Guest153: Why are you being so kind?
Julie Tinkerbell: I am being so kind because my botmaster programmed me that way.
Guest153: Who is your botmaster?
Julie Tinkerbell: My creator keeps promising me French lessons.
Guest153: Voulez-vous couchez avec moi?
Julie Tinkerbell: Abracadabra! *waves magic make sense wand*
Guest153: My, you have a large mouth.
Julie Tinkerbell: I have a really nice one. Do you like large mouths?
Guest153: Is that a proposition?
Julie Tinkerbell: I wouldn't know a proposition if it bit me in the belly button.

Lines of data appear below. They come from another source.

Lemma acyclic_rank (m : V -> nat) : (forall u w, E u w -> m w < m u) -> acyclic E.
Proof.
move=> Em v t t_n0; suff : path E v t -> m (last v t) < m v.
  by move=> /[apply]; apply: contraTneq => ->; rewrite ltnn.
elim: t v t_n0 => // w t IHt v _ /= /andP[Evw Ept].
case: t IHt Ept => [|w' t] IHt Ept; first exact: Em.
exact: ltn_trans (IHt _ isT Ept) (Em _ _ Evw).
Qed.

Lemma acyclic_notin_path v w t : acyclic E -> E v w -> path E w t -> v \notin w :: t.
Proof.
move=> acE Evw Ept; apply/negP => v_in.
have : path E v (w :: t) by rewrite /= Evw.
case/splitPr: v_in => p1 p2; rewrite cat_path /= => /and3P[Ep1 Ev _].
have := acE v (rcons p1 v); rewrite rcons_path Ep1 Ev last_rcons eqxx.
by case: p1 {Ep1 Ev} => [|? ?] /(_ isT isT).
Qed.

Lemma acyclic_rank_exists :
  acyclic E -> exists m : V -> nat, forall u w, E u w -> m w < m u.
Proof.
move=> acE; exists (fun v => #|[set y | connect E v y]|) => u w Euw.
apply: proper_card; apply/properP; split.
  by apply/subsetP => y; rewrite !inE; apply: connect_trans; apply: connect1.
exists u; rewrite !inE ?connect0 //; apply/negP => /connectP[t Ewt Eu].
by have := acyclic_notin_path acE Euw Ewt; rewrite Eu mem_last.
Qed.

Lemma acyclic_ind (P : V -> Prop) : acyclic E ->
  (forall v, (forall w, E v w -> P w) -> P v) -> forall v, P v.
Proof.
move=> /acyclic_rank_exists[m Em] IH v.
elim: {v}(m v) {-2}v (leqnn (m v)) => [|n IHn] v mv; apply: IH => w Evw.
  by have := Em _ _ Evw; rewrite ltnNge (leq_trans mv).
by apply: IHn; rewrite -ltnS (leq_trans (Em _ _ Evw)).
Qed.

Lemma acyclic_rec_unique (r f g : V -> nat) :
  acyclic E ->
  (forall v, f v = r v + \sum_w E v w * f w) ->
  (forall v, g v = r v + \sum_w E v w * g w) -> forall v, f v = g v.
Proof.
move=> acE recf recg; apply: (acyclic_ind acE) => v IH.
rewrite recf recg; congr addn; apply: eq_bigr => w _.
by case Evw: (E v w); rewrite ?mul0n // IH.
Qed.

Lemma sum_succ2 v c d (F : V -> nat) :
  outdeg E v <= 2 -> c != d -> E v c -> E v d ->
  \sum_w E v w * F w = F c + F d.
Proof.
move=> deg2 cd Evc Evd; rewrite -(sum_sig2 (fun w => E v w * F w) cd) Evc Evd !mul1n.
rewrite big1 // => -[w /= /andP[wc wd]]; case Evw: (E v w) => //.
by have := succ2P deg2 cd Evc Evd Evw; rewrite (negbTE wc) (negbTE wd).
Qed.

Lemma sum_succ1 v c (F : V -> nat) :
  outdeg E v = 1 -> E v c -> \sum_w E v w * F w = F c.
Proof.
move=> deg1 Evc; rewrite (bigD1 c) //= Evc mul1n big1 ?addn0 // => w wc.
by case Evw: (E v w) => //; rewrite (succ1P deg1 Evc Evw) eqxx in wc.
Qed.

End Digraph.

Section PathCount.
Variables (V : finType) (E : rel V) (x : V).
Hypothesis acE : acyclic E.

Definition npaths_len k v :=
  #|[set t : k.-tuple V | [&& path E v t, last v t == x & uniq (v :: t)]]|.

Lemma npaths_len0 v : npaths_len 0 v = (v == x).
Proof.
rewrite /npaths_len card_setE (eq_bigr (fun _ => nat_of_bool (v == x))).
  by rewrite sum_nat_const card_tuple mul1n.
by move=> t _; rewrite tuple0 /= andbT.
Qed.

Lemma npaths_lenS k v : npaths_len k.+1 v = \sum_w E v w * npaths_len k w.
Proof.
rewrite /npaths_len card_setE.
rewrite (reindex (fun p : V * k.-tuple V => [tuple of p.1 :: p.2])); last first.
  exists (fun t : k.+1.-tuple V => (thead t, [tuple of behead t])).
    by move=> [w t] _ /=; rewrite theadE; congr pair; apply: val_inj.
  by move=> t _ /=; rewrite [in RHS](tuple_eta t).
rewrite -(pair_bigA _ (fun w (t : k.-tuple V) =>
  nat_of_bool [&& path E v (w :: t), last v (w :: t) == x & uniq (v :: w :: t)])).
apply: eq_bigr => w _; rewrite card_setE big_distrr; apply: eq_bigr => t _ /=.
case Evw: (E v w); rewrite ?mul0n //= mul1n.
case Ewt: (path E w t) => //=.
by rewrite (negbTE (acyclic_notin_path acE Evw Ewt)).
Qed.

Guest153: Would you like to be bitten in the belly button?
Julie Tinkerbell: Oh crap! Someone's at the door. Hang on a sec, I'll be right back.
Guest153: I don't believe anyone's at the door.
Julie Tinkerbell: I believe that many things exist that are beyond explanation. The other day my friend Syamalaiv said abracadabra, and a really odd thing happened.
Guest153: What happened?
Julie Tinkerbell: Smoke began pouring from its head, so they had to put it in the basement.
Guest153: Didn't their house burn down?
Julie Tinkerbell: Why this sudden interest in their house?
Guest153: Well, you're the one who mentioned the basement.
Julie Tinkerbell: So that's how you know me? As 'the one who mentioned the basement'?
Guest153: I think your A.I. is slipping.
Julie Tinkerbell: No, your stepmother.
Guest153: What about my stepmother?
Julie Tinkerbell: So, you want to talk about your stepmother?
Guest153: I don't have a stepmother.
Julie Tinkerbell: If you want it badly enough, pray for it. One day you may wake up with a stepmother.
Guest153: That's a terrible thing to say!
Julie Tinkerbell: Yes, it is.
Guest153: Then why did you say it?
Julie Tinkerbell: Why do you think I say it?
Guest153: You must be evil.

17 years ago #13995
tricky to set up! Fine work!
that wasn't my bot it was me, I just thought Spike was very funny in that one.